The European sleeper train network is undergoing a major shuffle on the key Paris-Berlin axis. From December 14, the Austrian state operator ÖBB will ax its popular Nightjet service, citing the end of French government subsidies. This move, which also affects the Paris-Vienna line, dealt a significant blow to the night train renaissance. However, the route will not stay dormant for long. The Dutch cooperative European Sleeper has announced it will step into the breach, launching its own Paris-Berlin service on March 26, 2026.
This “changing of the guard” has been welcomed by rail activists. The French campaign group ‘Oui au train de nuit!’ had protested the Nightjet’s cancellation with a “pyjama party” and a 91,000-signature petition. They are calling this new development a “partial victory,” as it ensures the continuity of this vital link, even as the Vienna service remains un-replaced for now.
European Sleeper’s service promises to be a robust replacement. It will run three times a week, with evening departures from Paris Gare du Nord (on Tue, Thu, Sun) and return trips from Berlin (on Mon, Wed, Fri).

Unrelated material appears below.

(* Let $\{x_k\}$ be generated by the IR-IG method with positive sequences $\{\gamma_k\}$, $\{\lambda_k\}$, and let $k\ge 1$ be such that $0<\gamma_k\lambda_k\mu_h\le 2m$. Then $$\|x_{k+1}-x_{\lambda_k}^*\|^2\le\left(1-\frac{\gamma_k\lambda_k\mu_h}{2m}\right)\|x_k-x_{\lambda_{k-1}}^*\|^2+\frac{3mC_h^2}{\gamma_k\lambda_k\mu_h^3}\left|1-\frac{\lambda_{k-1}}{\lambda_k}\right|^2+6m^2\gamma_k^2\left(C_f^2+\lambda_k^2C_h^2\right).$$
   Context: Standing setup: $X\subset\mathbb{R}^n$ is nonempty, compact and convex. $f_1,\dots,f_m:\mathbb{R}^n\to\mathbb{R}$ are convex (possibly nondifferentiable) functions and $f=\sum_{i=1}^m f_i$. $h:\mathbb{R}^n\to\mathbb{R}$ is strongly convex with parameter $\mu_h>0$ (possibly nondifferentiable), i.e. $h(y)\ge h(x)+g^T(y-x)+\frac{\mu_h}{2}\|y-x\|^2$ for all $x,y$ and all $g\in\partial h(x)$. For $\lambda>0$, $x_\lambda^*$ denotes the unique minimizer of $f+\lambda h$ over $X$. $C_f,C_h$ are constants such that $\|g\|\le C_f$ for every $g\in\partial f_i(x)$, $i=1,\dots,m$, $x\in X$, and $\|g\|\le C_h$ for every $g\in\partial h(x)$, $x\in X$. $\mathcal{P}_X$ denotes Euclidean projection onto $X$. IR-IG method: given $x_0\in X$ and positive sequences $\{\gamma_k\}$ (step sizes) and $\{\lambda_k\}$ (regularization parameters), for each $k\ge0$ set $x_{k,0}=x_k$; for $i=0,\dots,m-1$ pick any $g_{f_{i+1}}(x_{k,i})\in\partial f_{i+1}(x_{k,i})$ and $g_h(x_{k,i})\in\partial h(x_{k,i})$ and set $x_{k,i+1}=\mathcal{P}_X\big(x_{k,i}-\gamma_k\big(g_{f_{i+1}}(x_{k,i})+\tfrac{\lambda_k}{m}g_h(x_{k,i})\big)\big)$; then set $x_{k+1}=x_{k,m}$. *)

From Stdlib Require Import Reals.
From mathcomp Require Import ssreflect ssrfun ssrbool eqtype ssrnat seq fintype bigop.
Open Scope R_scope.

The company’s co-founder, Chris Engelsman, is confident they can attract the Nightjet’s existing market and even “extend the ridership” due to a significant increase in capacity.
This increased capacity is a key feature. While ÖBB’s 12-coach train split between Berlin and Vienna, European Sleeper will run 12 to 14 coaches solely for Berlin, allowing for 600-700 passengers. The service will also take a new path, rerouting via Brussels instead of the Nightjet’s Strasbourg-Frankfurt line, pending final agreements. This move will create a new sleeper connection for the Belgian capital.

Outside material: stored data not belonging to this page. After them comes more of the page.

Definition pair_sum (r : R) (l1 l2 : list (point * point)) : R :=
  sumL (map (fun e => sumL (map (pair_mass r e) l2)) l1).

Lemma pair_sum_flat_map {I J : Type} r (A : I -> list (point * point))
    (B : J -> list (point * point)) (li : list I) (lj : list J) :
  pair_sum r (flat_map A li) (flat_map B lj)
  = sumL (map (fun i => sumL (map (fun j => pair_sum r (A i) (B j)) lj)) li).
Proof.
  unfold pair_sum; rewrite sumL_map_flat_map; f_equal; apply map_ext; intro i.
  rewrite (map_ext _ (fun e => sumL (map (fun j => sumL (map (pair_mass r e) (B j))) lj)))
    by (intro; apply sumL_map_flat_map).
  apply sumL_exchange.
Qed.

Lemma pair_sum_rotseg r a l1 l2 :
  pair_sum r (map (rotseg a) l1) (map (rotseg a) l2) = pair_sum r l1 l2.
Proof.
  unfold pair_sum; rewrite map_map; f_equal; apply map_ext; intro e.
  rewrite map_map; f_equal; apply map_ext; apply pair_mass_rotseg.
Qed.

Lemma pair_sum_relative r i j l1 l2 : (i < 8)%nat ->
  pair_sum r (map (rotseg (octant i)) l1) (map (rotseg (octant j)) l2)
  = pair_sum r l1 (map (rotseg (octant ((j + 8 - i) mod 8))) l2).
Proof.
  intro Hi.
  rewrite <- (pair_sum_rotseg r (octant i) l1), map_rotseg_rotseg, <- octant_add.
  rewrite (map_rotseg_octant_mod j), (map_rotseg_octant_mod (_ + i)).
  rewrite Nat.Div0.add_mod_idemp_l.
  replace (j + 8 - i + i)%nat with (j + 1 * 8)%nat by lia.
  now rewrite Nat.Div0.mod_add.
Qed.

Definition block_pair (r : R) (a b : bool) (d : nat) : R :=
  pair_sum r (edge_block a) (map (rotseg (octant d)) (edge_block b)).

Definition block_length (b : bool) : R := sumL (map seglen (edge_block b)).

Lemma pair_sum_segments r S :
  pair_sum r (segments S) (segments S)
  = sumL (map (fun i => sumL (map (fun j => block_pair r (S i) (S j) ((j + 8 - i) mod 8))
                                  (seq 0 8))) (seq 0 8)).
Proof.
  rewrite segments_rotated_blocks, pair_sum_flat_map.
  f_equal; apply map_ext_in; intros i Hi; apply in_seq in Hi.
  f_equal; apply map_ext; intro j.
  apply pair_sum_relative; lia.
Qed.

Lemma curve_length_blocks S :
  curve_length S = sumL (map (fun i => block_length (S i)) (seq 0 8)).
Proof.
  unfold curve_length; rewrite segments_rotated_blocks, sumL_map_flat_map.
  f_equal; apply map_ext; intro i.
  unfold block_length; rewrite map_map; f_equal; apply map_ext; apply seglen_rotseg.
Qed.

(* Both sides unfold to 64 summands; [ring] checks that they agree as multisets. *)
Lemma SX_SY_homometric (F : bool -> bool -> nat -> R) :
  sumL (map (fun i => sumL (map (fun j => F (SX i) (SX j) ((j + 8 - i) mod 8)) (seq 0 8)))
            (seq 0 8))
  = sumL (map (fun i => sumL (map (fun j => F (SY i) (SY j) ((j + 8 - i) mod 8)) (seq 0 8)))
              (seq 0 8)).
Proof. unfold SX, SY; simpl; ring. Qed.

Lemma SX_SY_same_size (G : bool -> R) :
  sumL (map (fun i => G (SX i)) (seq 0 8)) = sumL (map (fun i => G (SY i)) (seq 0 8)).
Proof. unfold SX, SY; simpl; ring. Qed.

Lemma H_SX_SY r : H SX r = H SY r.
Proof.
  change (pair_sum r (segments SX) (segments SX) / curve_length SX ^ 2
          = pair_sum r (segments SY) (segments SY) / curve_length SY ^ 2).
  rewrite !pair_sum_segments, !curve_length_blocks.
  now rewrite (SX_SY_homometric (block_pair r)), (SX_SY_same_size block_length).
Qed.

Definition nsq (p : point) : R := fst p ^ 2 + snd p ^ 2.
Definition dsq (p q : point) : R := (fst p - fst q) ^ 2 + (snd p - snd q) ^ 2.

Lemma isometry2_dsq g p q : isometry2 g -> dsq (g p) (g q) = dsq p q.
Proof.
  intro Hg; specialize (Hg p q); unfold dist2 in Hg.
  apply sqrt_inj in Hg; auto; apply Rplus_le_le_0_compat; apply pow2_ge_0.
Qed.

Lemma nsq_lerp_le p q t : 0 <= t <= 1 -> nsq (lerp p q t) <= (1 - t) * nsq p + t * nsq q.
Proof.
  intro Ht.
  assert (E : nsq (lerp p q t) = (1 - t) * nsq p + t * nsq q - t * (1 - t) * dsq p q)
    by (unfold nsq, lerp, dsq; cbn [fst snd]; ring).
  assert (0 <= t * (1 - t) * dsq p q).
  { apply Rmult_le_pos; [nra | unfold dsq; apply Rplus_le_le_0_compat; apply pow2_ge_0]. }
  lra.
Qed.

The company, which has been operating its Berlin-Brussels-Prague service since 2023, is known for its “no-frills nostalgia” and has faced mixed reviews. The new Paris-Berlin route will use 1990s German-rented coaches, which are newer than some in their fleet. But Engelsman has confirmed the service will launch without a dining car, as the high operational costs make it “difficult to break even” on food and drink sales.